Serving at the Shrine
Barry was no stranger to Boston, having lived at the shrine during his internship as a financial advocate with AIDS Action Committee.

His ministry at the shrine for the past six years has been diverse. When David Convertino, OFM, was executive director, until last year, Barry was assistant executive director, doing mostly administrative work.

“I still do some odds and ends, like scheduling,” he said. In addition to saying Mass, hearing confessions, and providing spiritual direction, Barry oversees several shrine programs. He coordinates the seniors program, Seniors on Arch Street, which provides light exercise, speakers and presentations, crafts, trips, games and a hot meal after Wednesday Mass. He also oversees Tony’s Travelers, which manages day trips, and is the friar liaison with the 20s/30s Boston, the young adult ministry, and the Lazarus program, which reaches out to bury the homeless and abandoned babies in the Boston area.

“My life as a friar was confirmed in finding the Franciscans, where I found home and a big welcome and that continues to be the case. I find great joy living this life with the brothers.”

Barry likes to travel and visits his mother and older brother in South Jersey.

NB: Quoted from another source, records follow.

(* s_0(f), s_1(f), s(f) (max over an empty set is 0) *)
Definition s0 n (f : cube n -> bool) : nat := \max_(x : cube n | ~~ f x) sens f x.
Definition s1 n (f : cube n -> bool) : nat := \max_(x : cube n | f x) sens f x.
Definition sensitivity n (f : cube n -> bool) : nat := maxn (s0 f) (s1 f).

Local Open Scope ring_scope.

Definition khr_C n (A B : {set cube n}) : {set cube n * cube n} :=
  [set xy | (xy.1 \in A) && (xy.2 \in B) && (dH xy.1 xy.2 == 1%N)].

Definition koutsoupias_Q (R : nzRingType) n (A B : {set cube n})
  : 'M[R]_(#|A|, #|B|) :=
  \matrix_(i, j) (if (enum_val i, enum_val j) \in khr_C A B then 1 else 0).

Definition norm2 (R : rcfType) m (v : 'cV[R]_m) : R :=
  Num.sqrt (\sum_i (v i 0) ^+ 2).

Definition spectral_norm (R : realType) m k (M : 'M[R]_(m, k)) : R :=
  sup [set norm2 (M *m v) | v in [set v : 'cV[R]_k | norm2 v = 1]]%classic.

(* Restrictions: None = star, Some b = fixed to b *)
Definition restriction n := {ffun 'I_n -> option bool}.

Definition extends n (rho : restriction n) (x : cube n) : bool :=
  [forall i, if rho i is Some b then x i == b else true].

Definition Rp (R : fieldType) (p : R) n (rho : restriction n) : R :=
  \prod_i (if rho i is Some _ then (1 - p) / 2 else p).

Definition is_filter n (D : {set restriction n}) : Prop :=
  forall rho, rho \in D -> forall (i : 'I_n) (b : bool), rho i = None ->
    [ffun j => if j == i then Some b else rho j] \in D.

Definition condPr (R : fieldType) (p : R) n (E : pred (restriction n))
    (D : {set restriction n}) : R :=
  (\sum_(rho in D | E rho) Rp p rho) / (\sum_(rho in D) Rp p rho).

Definition evA n (f : cube n -> bool) : pred (restriction n) :=
  fun rho => [forall x, extends rho x ==> ~~ f x].
Definition evB n (f : cube n -> bool) : pred (restriction n) :=
  fun rho => [forall x, extends rho x ==> f x].
Definition evC n (f : cube n -> bool) : pred (restriction n) :=
  fun rho => [exists i, (rho i == None) &&
    ([forall x, extends rho x ==> (f x == x i)] ||
     [forall x, extends rho x ==> (f x == ~~ x i)])].

From HB Require Import structures.
From mathcomp Require Import all_boot all_order all_algebra.
From mathcomp Require Import reals ring lra.
From mathcomp Require boolp classical_sets.
Import Order.TTheory GRing.Theory Num.Theory.
Set Implicit Arguments. Unset Strict Implicit. Unset Printing Implicit Defensive.

(* Each bound counts edges of the bipartite graph joining the zeros and the ones of
   [f] at Hamming distance 1, in which a zero has at most [s0 f] neighbours and a one
   at most [s1 f].  For Khrapchenko, |C| <= s0 |A| and |C| <= s1 |B|; multiplying
   gives |C|^2 <= s0 s1 |A| |B|.  For Koutsoupias, the same row and column bounds on
   [Q] give ||Q||^2 <= s0 s1 by the Schur test (Cauchy-Schwarz on each row).  For
   Hastad, a restriction leaving a single literal x_i is charged to the restriction
   fixing x_i to the value that makes [f] zero, which multiplies its R_p-weight by
   (1-p)/(2p); a constant-zero restriction is charged at most [s0 f] times, since the
   freed variable is sensitive at every point consistent with it.  Hence
   (1-p)/(2p) Pr[C] <= s0 Pr[A], symmetrically <= s1 Pr[B], and one multiplies again. *)

Section RealInequalities.
Variable R : realFieldType.
Local Open Scope ring_scope.

Lemma ler_sqr_div_mul (a b c s t : R) :
  0 < a -> 0 < b -> 0 <= c -> c <= s * a -> c <= t * b -> c ^+ 2 / (a * b) <= s * t.
Proof.
move=> a0 b0 c0 csa ctb; rewrite ler_pdivrMr ?mulr_gt0 // mulrACA expr2.
exact: ler_pM.
Qed.

Lemma sqr_sum_wmul_le (I : finType) (w v : I -> R) :
  (forall i, 0 <= w i) ->
  (\sum_i w i * v i) ^+ 2 <= (\sum_i w i) * (\sum_i w i * v i ^+ 2).
Proof.
move=> w0.
have sqrE : (\sum_i w i * v i) ^+ 2 = \sum_i \sum_j w i * w j * (v i * v j).
  rewrite expr2 mulr_suml; apply: eq_bigr => i _; rewrite mulr_sumr.
  by apply: eq_bigr => j _; rewrite mulrACA.
have prodEr : (\sum_i w i) * (\sum_i w i * v i ^+ 2) = \sum_i \sum_j w i * w j * v j ^+ 2.
  rewrite mulr_suml; apply: eq_bigr => i _; rewrite mulr_sumr.
  by apply: eq_bigr => j _; rewrite mulrA.
have prodEl : (\sum_i w i) * (\sum_i w i * v i ^+ 2) = \sum_i \sum_j w i * w j * v i ^+ 2.
  rewrite mulrC mulr_suml; apply: eq_bigr => i _; rewrite mulr_sumr.
  by apply: eq_bigr => j _; ring.
(* AM-GM termwise: [2 v_i v_j <= v_i^2 + v_j^2]. *)
suff : 2 * \sum_i \sum_j w i * w j * (v i * v j) <=
    \sum_i \sum_j w i * w j * v j ^+ 2 + \sum_i \sum_j w i * w j * v i ^+ 2.
  by rewrite sqrE -prodEr -prodEl; lra.
rewrite -big_split mulr_sumr; apply: ler_sum => i _.
rewrite -big_split mulr_sumr; apply: ler_sum => j _.
rewrite /= -mulrDr mulrCA ler_wpM2l ?mulr_ge0 // -subr_ge0.
by rewrite (_ : _ - _ = (v i - v j) ^+ 2) ?sqr_ge0 //; ring.
Qed.

Lemma schur_test m k (M : 'M[R]_(m, k)) (r c : R) :
  0 <= r -> (forall i j, 0 <= M i j) ->
  (forall i, \sum_j M i j <= r) -> (forall j, \sum_i M i j <= c) ->
  forall v : 'cV[R]_k, \sum_i ((M *m v) i 0) ^+ 2 <= r * c * \sum_j v j 0 ^+ 2.
Proof.
move=> r0 M0 Mrow Mcol v.
have row_le i : ((M *m v) i 0) ^+ 2 <= r * \sum_j M i j * v j 0 ^+ 2.
  rewrite mxE; apply: le_trans (sqr_sum_wmul_le (fun j => v j 0) (M0 i)) _.
  by rewrite ler_wpM2r // sumr_ge0 // => j _; rewrite mulr_ge0 ?sqr_ge0.
apply: le_trans (ler_sum _ (fun i _ => row_le i)) _.
rewrite -mulr_sumr -mulrA ler_wpM2l // exchange_big mulr_sumr.
by apply: ler_sum => j _; rewrite -mulr_suml ler_wpM2r ?sqr_ge0.
Qed.

End RealInequalities.

Section SpectralNorm.
Import boolp classical_sets.
Local Open Scope ring_scope.
Local Open Scope classical_set_scope.

Lemma spectral_norm_sqr_le (R : realType) m k (M : 'M[R]_(m, k)) (c : R) : 0 <= c ->
  (forall v : 'cV[R]_k, \sum_i ((M *m v) i 0) ^+ 2 <= c * \sum_j v j 0 ^+ 2) ->
  spectral_norm M ^+ 2 <= c.
Proof.
move=> c0 Mc; rewrite /spectral_norm; set S := [set _ | _ in _].
have [[y Sy]|S0] := pselect (S !=set0); last first.
  rewrite (_ : S = set0) ?sup0 ?expr0n //.
  by apply/seteqP; split => // y Sy; apply: S0; exists y.
have ubS : ubound S (Num.sqrt c).
  move=> _ [v /= v1 <-]; rewrite /norm2 ler_sqrt //.
  have sum_v1 : \sum_j v j 0 ^+ 2 = 1.
    have v_ge0 : 0 <= \sum_j v j 0 ^+ 2 by apply: sumr_ge0 => j _; apply: sqr_ge0.
    by rewrite -(sqr_sqrtr v_ge0) [Num.sqrt _]v1 expr1n.
  by rewrite -[c]mulr1 -sum_v1 Mc.
have sup_ge0 : 0 <= sup S.
  apply: le_trans (sup_upper_bound _ Sy); last by split; [exists y | exists (Num.sqrt c)].
  by case: Sy => v _ <-; apply: sqrtr_ge0.
rewrite -(sqr_sqrtr c0) ler_sqr ?nnegrE ?sqrtr_ge0 //.
by apply: ge_sup => //; exists y.
Qed.

End SpectralNorm.

Section Sensitivity.
Variables (n : nat) (f : cube n -> bool).
Implicit Types (x y : cube n) (B : {set cube n}).

Lemma dH_sym x y : dH x y = dH y x.
Proof. by apply: eq_card => i; rewrite !inE eq_sym. Qed.

Lemma dH_eq1_flip x y : dH x y = 1%N -> exists i, y = flip x i.
Proof.
move=> /eqP/cards1P [i xyE]; exists i; apply/ffunP => j; rewrite ffunE.
have := congr1 (fun S : {set 'I_n} => j \in S) xyE; rewrite !inE.
case: (eqVneq j i) => [->|_] /=; rewrite ?eqxx.
  by case: (x i) (y i) => [] [].
by case: (x j) (y j) => [] [].
Qed.

Lemma sum_neighbors_le_sens x B : {in B, forall y, f y != f x} ->
  (\sum_(y in B) (dH x y == 1%N) <= sens f x)%N.
Proof.
move=> fB; rewrite (eq_bigr (fun y => if dH x y == 1%N then 1 else 0)%N); last first.
  by move=> y _; case: (dH x y == 1%N).
rewrite -big_mkcondr sum1dep_card.
apply: leq_trans (leq_imset_card (flip x) _).
apply: subset_leq_card; apply/subsetP => y; rewrite !inE => /andP [yB /eqP xy1].
have [i yE] := dH_eq1_flip xy1; apply/imsetP; exists i => //.
by rewrite inE -yE; apply: fB.
Qed.

Lemma sens_le_s0 x : ~~ f x -> (sens f x <= s0 f)%N.
Proof. exact: (leq_bigmax_cond (P := fun x => ~~ f x)). Qed.

Lemma sens_le_s1 x : f x -> (sens f x <= s1 f)%N.
Proof. exact: (leq_bigmax_cond (P := fun x => f x)). Qed.

Lemma sens_negf x : sens (fun x => ~~ f x) x = sens f x.
Proof. by apply: eq_card => i; rewrite !inE; case: (f x); case: (f (flip x i)). Qed.

Lemma s0_negf : s0 (fun x => ~~ f x) = s1 f.
Proof. by apply: eq_big => [x|x _]; rewrite ?negbK ?sens_negf. Qed.

Lemma s0_mul_s1_le_sqr : (s0 f * s1 f <= sensitivity f ^ 2)%N.
Proof. by rewrite -mulnn leq_mul ?leq_maxl ?leq_maxr. Qed.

He also enjoys movies, and will often use a message from a film in his Sunday homily. He has helped produce videos used on the Province’s Development Office website and Youtube.

Barry, who admits to being a good cook, said he can make any kind of dish, adding that he often alternates cooking the holiday meals with the cook at the friary. For creativity, he quilts, and makes wall hangings and crib quilts, many in the mandala pattern.

He also likes riding his bike — sometimes for 20 miles going along the Charles River — and going on several cruises a year as chaplain.

“I enjoy being a part of Holy Name Province for many reasons, but mainly because of the diversity of ministries offered. This makes it interesting. We can do a variety of things.”

Barry said he would like to be remembered as an open-hearted and caring person.

 Wendy Healy is a Connecticut-based freelance writer and frequent contributor to HNP Today.